Any modern parent can think of this as the equivalent of telling their child to get off the couch, stop looking at their phone, and go outside and play with their friends. There are a lot of richer, more satisfying, and more valuable experiences out there to learn from.
Clark, the Anthropic cofounder, was impressed by the chutzpah of this proposal.
“Papers like this are emblematic of the confidence found in the AI industry,” he wrote in his newsletter on Monday, citing “the gumption to give these agents sufficient independence and latitude that they can interact with the world and generate their own data.”
Examples, and a possible final dis
The authors float some theoretical examples of how this might work in the new Era of Experience.
An AI health assistant could ground a person’s health goals into a reward based on a combination of signals such as their resting heart rate, sleep duration, and activity levels. (A reward in AI is a common way to incentivize models and agents to perform better.
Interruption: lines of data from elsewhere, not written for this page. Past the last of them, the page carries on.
(* Let $a>0$, $\alpha\in[0,1)$ and $f\in\mathcal C_a$, and let $g=\mathrm{Sh}_\alpha(f)$. Then $\|g-g^{\pm\eta}\|_{\infty,\mathbb R}\to0$ as $\eta\to0$ (for both signs).
   Context: $\mathcal C_a$ is the set of $C^1$ functions $f:\mathbb R\to\mathbb R$ that are even, satisfy $f(s)=|s|$ for $|s|\ge a$ and are strictly convex on $[-a,a]$. For any function $g$ and $\eta\in(0,1)$, $g^{\pm\eta}(s)=(1\pm\frac\eta2)g\big(s/(1\pm\frac\eta2)\big)$. For $f\in\mathcal C_a$: $F_\alpha(s)=f(s)-\alpha s$, $x_\alpha^+=(f')^{-1}(\alpha)\in[0,a)$ (inverse of $f':[-a,a]\to[-1,1]$); let $F_\alpha^{-1}$ be the inverse of $F_\alpha|_{[x_\alpha^+,\infty)}$, $\phi=F_\alpha^{-1}\circ F_\alpha$, $\delta_x=(1-\alpha)^{-1}F_\alpha(x)-\phi(x)$, $s_\alpha=x_\alpha^++\delta_{x_\alpha^+}$; $x\mapsto x+\delta_x$ is an increasing bijection $(-\infty,x_\alpha^+]\to(-\infty,s_\alpha]$ with inverse $\tau$. Define $\mathrm{Sh}_\alpha(f)(x)=\alpha x+F_\alpha(\tau(x))$ for $x\le s_\alpha$ and $=x$ for $x>s_\alpha$. *)

From Stdlib Require Import Reals Lra ClassicalEpsilon.
From Coquelicot Require Import Coquelicot.
Open Scope R_scope.

Definition strictly_convex_on (f : R -> R) (lo hi : R) : Prop :=
  forall x y t, lo <= x <= hi -> lo <= y <= hi -> x <> y -> 0 < t < 1 ->
    f (t * x + (1 - t) * y) < t * f x + (1 - t) * f y.

Definition in_Ca (a : R) (f : R -> R) : Prop :=
  (forall x, ex_derive f x) /\
  (forall x, continuous (Derive f) x) /\
  (forall s, f (- s) = f s) /\
  (forall s, a <= Rabs s -> f s = Rabs s) /\
  strictly_convex_on f (- a) a.

Definition choose_R (P : R -> Prop) : R := epsilon (inhabits 0) P.

Section Shift.
Variables (a alpha : R) (f : R -> R).

Definition F_al (s : R) : R := f s - alpha * s.

Definition x_plus : R := choose_R (fun x => - a <= x <= a /\ Derive f x = alpha).

Definition F_al_inv (y : R) : R := choose_R (fun z => x_plus <= z /\ F_al z = y).
Definition phi (x : R) : R := F_al_inv (F_al x).

Definition delta (x : R) : R := / (1 - alpha) * F_al x - phi x.

Definition s_al : R := x_plus + delta x_plus.

Definition tau (x : R) : R := choose_R (fun y => y <= x_plus /\ y + delta y = x).

End Shift.

Definition Sh (a alpha : R) (f : R -> R) (x : R) : R :=
  if Rle_dec x (s_al a alpha f) then alpha * x + F_al alpha f (tau a alpha f x)
  else x.

(* g^{+eta} (b = true) and g^{-eta} (b = false):
   g^{+-eta}(s) = (1 +- eta/2) g (s / (1 +- eta/2)). *)
Definition pm_factor (b : bool) (eta : R) : R :=
  if b then 1 + eta / 2 else 1 - eta / 2.

Definition g_pm (b : bool) (eta : R) (g : R -> R) (s : R) : R :=
  pm_factor b eta * g (s / pm_factor b eta).

(* Sh_alpha(f) is (1 + 2 alpha)-Lipschitz and equals |x| outside a compact interval.
   Since |.| is invariant under the dilations g |-> g^{+-eta}, the difference
   g - g^{+-eta} vanishes far out and is O(eta) on the compact part.  The Lipschitz
   bound holds because F_alpha is (1 + alpha)-Lipschitz and tau is 1-Lipschitz, the
   latter since delta is nondecreasing on (-oo, x_alpha^+]: f is 1-Lipschitz, so F_alpha
   climbs with slope at most 1 - alpha on the branch [x_alpha^+, oo) where phi lands. *)

From Pilot Require Import Defs.
From Stdlib Require Import Reals Lra ClassicalEpsilon.
From Coquelicot Require Import Coquelicot.
Open Scope R_scope.

Definition slope (g : R -> R) (x y : R) : R := (g y - g x) / (y - x).

Lemma strictly_convex_slope_lt (g : R -> R) (lo hi x z y : R) :
  strictly_convex_on g lo hi -> lo <= x -> x < z -> z < y -> y <= hi ->
  slope g x z < slope g x y /\ slope g x y < slope g z y.
Proof.
  intros Hconv Hlo Hxz Hzy Hhi.
  set (t := (y - z) / (y - x)).
  assert (Ht : 0 < t < 1).
  { unfold t; split; [apply Rdiv_lt_0_compat|apply Rlt_div_l]; lra. }
  assert (Hz : z = t * x + (1 - t) * y) by (unfold t; field; lra).
  assert (Hchord := Hconv x y t ltac:(lra) ltac:(lra) ltac:(lra) Ht).
  rewrite <- Hz in Hchord.
  unfold slope; split.
  - apply (Rlt_div_l _ _ (z - x)); [lra|].
    replace ((g y - g x) / (y - x) * (z - x)) with ((1 - t) * (g y - g x))
      by (rewrite Hz; field; lra).
    lra.
  - apply (Rlt_div_r _ _ (y - z)); [lra|].
    replace ((g y - g x) / (y - x) * (y - z)) with (t * (g y - g x))
      by (rewrite Hz; field; lra).
    lra.
Qed.

Lemma derivable_pt_lim_le_right_quotient (g : R -> R) (x d S delta : R) :
  derivable_pt_lim g x d -> 0 < delta ->
  (forall h, 0 < h < delta -> (g (x + h) - g x) / h <= S) -> d <= S.
Proof.
  intros Hd Hdelta Hq.
  destruct (Rle_or_lt d S) as [HdS|HSd]; [exact HdS|exfalso].
  destruct (Hd (d - S) ltac:(lra)) as [[e He] Hlim]; simpl in Hlim.
  set (h := Rmin delta e / 2).
  assert (Hmin := Rmin_l delta e); assert (Hmin' := Rmin_r delta e).
  assert (Hh : 0 < h < Rmin delta e)
    by (unfold h; assert (0 < Rmin delta e) by (apply Rmin_glb_lt; lra); lra).
  specialize (Hq h ltac:(lra)).
  specialize (Hlim h ltac:(lra) ltac:(rewrite Rabs_right; lra)).
  apply Rabs_lt_between in Hlim; lra.
Qed.

Lemma derivable_pt_lim_ge_right_quotient (g : R -> R) (x d S delta : R) :
  derivable_pt_lim g x d -> 0 < delta ->
  (forall h, 0 < h < delta -> S <= (g (x + h) - g x) / h) -> S <= d.
Proof.
  intros Hd Hdelta Hq.
  enough (- d <= - S) by lra.
  apply (derivable_pt_lim_le_right_quotient (fun t => - g t) x _ _ delta); trivial.
  - exact (derivable_pt_lim_opp g x d Hd).
  - intros h Hh.
    replace ((- g (x + h) - - g x) / h) with (- ((g (x + h) - g x) / h)) by (field; lra).
    specialize (Hq h Hh); lra.
Qed.

Lemma locally_lt_of_continuity_pt (g : R -> R) (x c : R) :
  continuity_pt g x -> g x < c -> locally x (fun u => g u < c).
Proof.
  intros Hg Hc; apply (proj1 (continuity_pt_filterlim g x) Hg (fun y => y < c)).
  now apply open_lt.
Qed.

Lemma locally_gt_of_continuity_pt (g : R -> R) (x c : R) :
  continuity_pt g x -> c < g x -> locally x (fun u => c < g u).
Proof.
  intros Hg Hc; apply (proj1 (continuity_pt_filterlim g x) Hg (fun y => c < y)).
  now apply open_gt.
Qed.

Lemma continuity_pt_left_inverse (G psi : R -> R) (p x0 : R) :
  continuity_pt G x0 ->
  (forall u v, p <= u -> u < v -> G u < G v) ->
  (forall x, p <= psi x /\ G (psi x) = G x) ->
  continuity_pt psi x0.
Proof.
  intros HG Hincr Hpsi.
  assert (Hreflect : forall u v, p <= u -> p <= v -> G u < G v -> u < v).
  { intros u v Hu Hv HGuv; destruct (Rtotal_order u v) as [|[->|Hvu]]; trivial.
    - lra.
    - specialize (Hincr v u Hv Hvu); lra. }
  destruct (Hpsi x0) as [Hp0 HG0].
  apply continuity_pt_locally; intros [eps Heps]; simpl.
  assert (Hup : locally x0 (fun u => psi u < psi x0 + eps)).
  { apply (filter_imp (fun u => G u < G (psi x0 + eps))).
    - intros u Hu; destruct (Hpsi u) as [Hpu HGu].
      apply Hreflect; [lra|lra|now rewrite HGu].
    - apply locally_lt_of_continuity_pt; trivial.
      rewrite <- HG0; apply Hincr; lra. }
  assert (Hdown : locally x0 (fun u => psi x0 - eps < psi u)).
  { destruct (Rlt_or_le (psi x0 - eps) p) as [Hbelow|Habove].
    - apply filter_forall; intros u; destruct (Hpsi u); lra.
    - apply (filter_imp (fun u => G (psi x0 - eps) < G u)).
      + intros u Hu; destruct (Hpsi u) as [Hpu HGu].
        apply Hreflect; [lra|lra|now rewrite HGu].
      + apply locally_gt_of_continuity_pt; trivial.
        rewrite <- HG0; apply Hincr; lra. }
  apply (filter_imp _ _ (fun u Hu => proj2 (Rabs_lt_between' _ _ _) Hu)).
  now apply filter_and.
Qed.

Lemma IVT_le (g : R -> R) (lo hi y : R) :
  continuity g -> lo <= hi -> g lo <= y <= g hi -> exists x, lo <= x <= hi /\ g x = y.
Proof.
  intros Hg Hlohi Hy.
  destruct (IVT_gen g lo hi y Hg) as [x Hx].
  - rewrite Rmin_left, Rmax_right by lra; exact Hy.
  - rewrite Rmin_left, Rmax_right in Hx by lra; now exists x.
Qed.

Lemma choose_R_spec (P : R -> Prop) : (exists x, P x) -> P (choose_R P).
Proof. apply epsilon_spec. Qed.

Definition lipschitz (L : R) (g : R -> R) : Prop :=
  forall u v, Rabs (g v - g u) <= L * Rabs (v - u).

Lemma lipschitz_glue (g : R -> R) (L s : R) :
  (forall u v, u <= v <= s -> Rabs (g v - g u) <= L * (v - u)) ->
  (forall u v, s <= u <= v -> Rabs (g v - g u) <= L * (v - u)) ->
  lipschitz L g.
Proof.
  intros Hleft Hright.
  assert (Hord : forall u v, u <= v -> Rabs (g v - g u) <= L * (v - u)).
  { intros u v Huv.
    destruct (Rle_or_lt v s) as [Hv|Hv]; [apply Hleft; lra|].
    destruct (Rle_or_lt s u) as [Hu|Hu]; [apply Hright; lra|].
    replace (g v - g u) with ((g v - g s) + (g s - g u)) by ring.
    eapply Rle_trans; [apply Rabs_triang|].
    specialize (Hleft u s ltac:(lra)); specialize (Hright s v ltac:(lra)); lra. }
  intros u v; destruct (Rle_or_lt u v) as [Huv|Hvu].
  - rewrite (Rabs_pos_eq (v - u)) by lra; now apply Hord.
  - rewrite Rabs_minus_sym, (Rabs_minus_sym v), (Rabs_pos_eq (u - v)) by lra.
    apply Hord; lra.
Qed.

Lemma dilation_error_bound (g : R -> R) (L M c : R) :
  0 <= L -> 0 <= M -> 1 / 2 <= c <= 3 / 2 -> lipschitz L g ->
  (forall x, M <= Rabs x -> g x = Rabs x) ->
  forall s, Rabs (g s - c * g (s / c)) <= Rabs (c - 1) * (4 * L * M + Rabs (g 0)).
Proof.
  intros HL HM Hc Hlip Habs s.
  set (t := s / c).
  assert (Hs : s = c * t) by (unfold t; field; lra).
  assert (Hst : Rabs s = c * Rabs t) by (rewrite Hs, Rabs_mult, (Rabs_pos_eq c); lra).
  pose proof (Rabs_pos t); pose proof (Rabs_pos (c - 1)); pose proof (Rabs_pos (g 0)).
  destruct (Rle_or_lt (2 * M) (Rabs t)) as [Hfar|Hnear].
  - assert (M <= Rabs s) by nra.
    rewrite (Habs s), (Habs t), Hst by lra.
    rewrite Rminus_diag, Rabs_R0.
    apply Rmult_le_pos; [lra|]; pose proof (Rmult_le_pos L M HL HM); lra.
  - assert (Hgst : Rabs (g s - g t) <= L * Rabs (c - 1) * Rabs t).
    { rewrite Rmult_assoc, <- Rabs_mult.
      replace ((c - 1) * t) with (s - t) by (rewrite Hs; ring); apply Hlip. }
    assert (Hgt : Rabs (g t) <= Rabs (g 0) + L * Rabs t).
    { replace (g t) with (g 0 + (g t - g 0)) by ring.
      eapply Rle_trans; [apply Rabs_triang|].
      pose proof (Hlip 0 t) as Ht; rewrite Rminus_0_r in Ht; lra. }
    replace (g s - c * g t) with ((g s - g t) - (c - 1) * g t) by ring.
    eapply Rle_trans; [apply Rabs_triang|].
    rewrite Rabs_Ropp, Rabs_mult.
    assert (L * Rabs t <= 2 * L * M) by nra.
    nra.
Qed.

Lemma dilation_uniformly_close (g : R -> R) (L M : R) :
  0 <= L -> 0 <= M -> lipschitz L g -> (forall x, M <= Rabs x -> g x = Rabs x) ->
  forall b : bool, forall eps : R, 0 < eps ->
    exists eta0 : R, 0 < eta0 /\
      forall eta : R, 0 < eta < 1 -> eta < eta0 ->
        forall s : R, Rabs (g s - g_pm b eta g s) <= eps.
Proof.
  intros HL HM Hlip Habs b eps Heps.
  set (K := 4 * L * M + Rabs (g 0)).
  assert (HK : 0 <= K)
    by (unfold K; pose proof (Rabs_pos (g 0)); pose proof (Rmult_le_pos L M HL HM); lra).
  exists (eps / (K + 1)); split; [apply Rdiv_lt_0_compat; lra|].
  intros eta Heta Heta0 s.
  apply (proj2 (Rlt_div_r eta eps (K + 1) ltac:(lra))) in Heta0.
  assert (Hc : Rabs (pm_factor b eta - 1) <= eta / 2)
    by (apply Rabs_le_between; destruct b; unfold pm_factor; lra).
  unfold g_pm; eapply Rle_trans.
  - apply (dilation_error_bound g L M); trivial; destruct b; unfold pm_factor; lra.
  - fold K.
    assert (Rabs (pm_factor b eta - 1) * K <= eta / 2 * K) by (apply Rmult_le_compat_r; lra).
    nra.
Qed.

Section ClassCa.

Variables (a : R) (f : R -> R).
Hypotheses (Ha : 0 < a) (Hf : in_Ca a f).

Lemma Ca_derivable x : derivable_pt_lim f x (Derive f x).
Proof. apply is_derive_Reals, Derive_correct, Hf. Qed.

Lemma Ca_continuity_Derive : continuity (Derive f).
Proof. intros x; apply continuity_pt_filterlim, Hf. Qed.

Lemma Ca_right s : a <= s -> f s = s.
Proof.
  intros Hs; destruct Hf as (_ & _ & _ & Habs & _).
  rewrite Habs; rewrite Rabs_pos_eq; lra.
Qed.

Lemma Ca_left s : s <= - a -> f s = - s.
Proof.
  intros Hs; destruct Hf as (_ & _ & _ & Habs & _).
  rewrite Habs; rewrite Rabs_left1; lra.
Qed.

Lemma Ca_Derive_opp x : Derive f (- x) = - Derive f x.
Proof.
  destruct Hf as (_ & _ & Heven & _).
  apply (uniqueness_limite f (- x)); [apply Ca_derivable|].
  apply derivable_pt_lim_mirr_rev; rewrite !Ropp_involutive.
  apply is_derive_Reals, (is_derive_ext f); [intros t; unfold mirr_fct; now rewrite Heven|].
  apply is_derive_Reals, Ca_derivable.
Qed.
Just like you might nag your partner to exercise more by saying they’ll get stronger and look better if they go to the gym.)
An educational assistant could use exam results to provide an incentive or reward, based on a grounded reward for a user’s language learning.
A science agent with a goal to reduce global warming might use a reward based on empirical observations of carbon dioxide levels, Silver and Sutton suggested.
In a way, this is a return to the previous Era of Simulation, which Google arguably led. Except this time, AI models and agents are learning from the real world and collecting their own data, rather than existing in a video game or other digital realm.
The key is that, unlike the Era of Human Data, there may be no limit to the information that can be generated and gathered for this new phase of AI development.
In our current human data period, something was lost, the authors argue: an agent’s ability to self-discover its own knowledge.
“Without this grounding, an agent, no matter how sophisticated, will become an echo chamber of existing human knowledge,” Silver and Sutton wrote, in a possible final dis to OpenAI.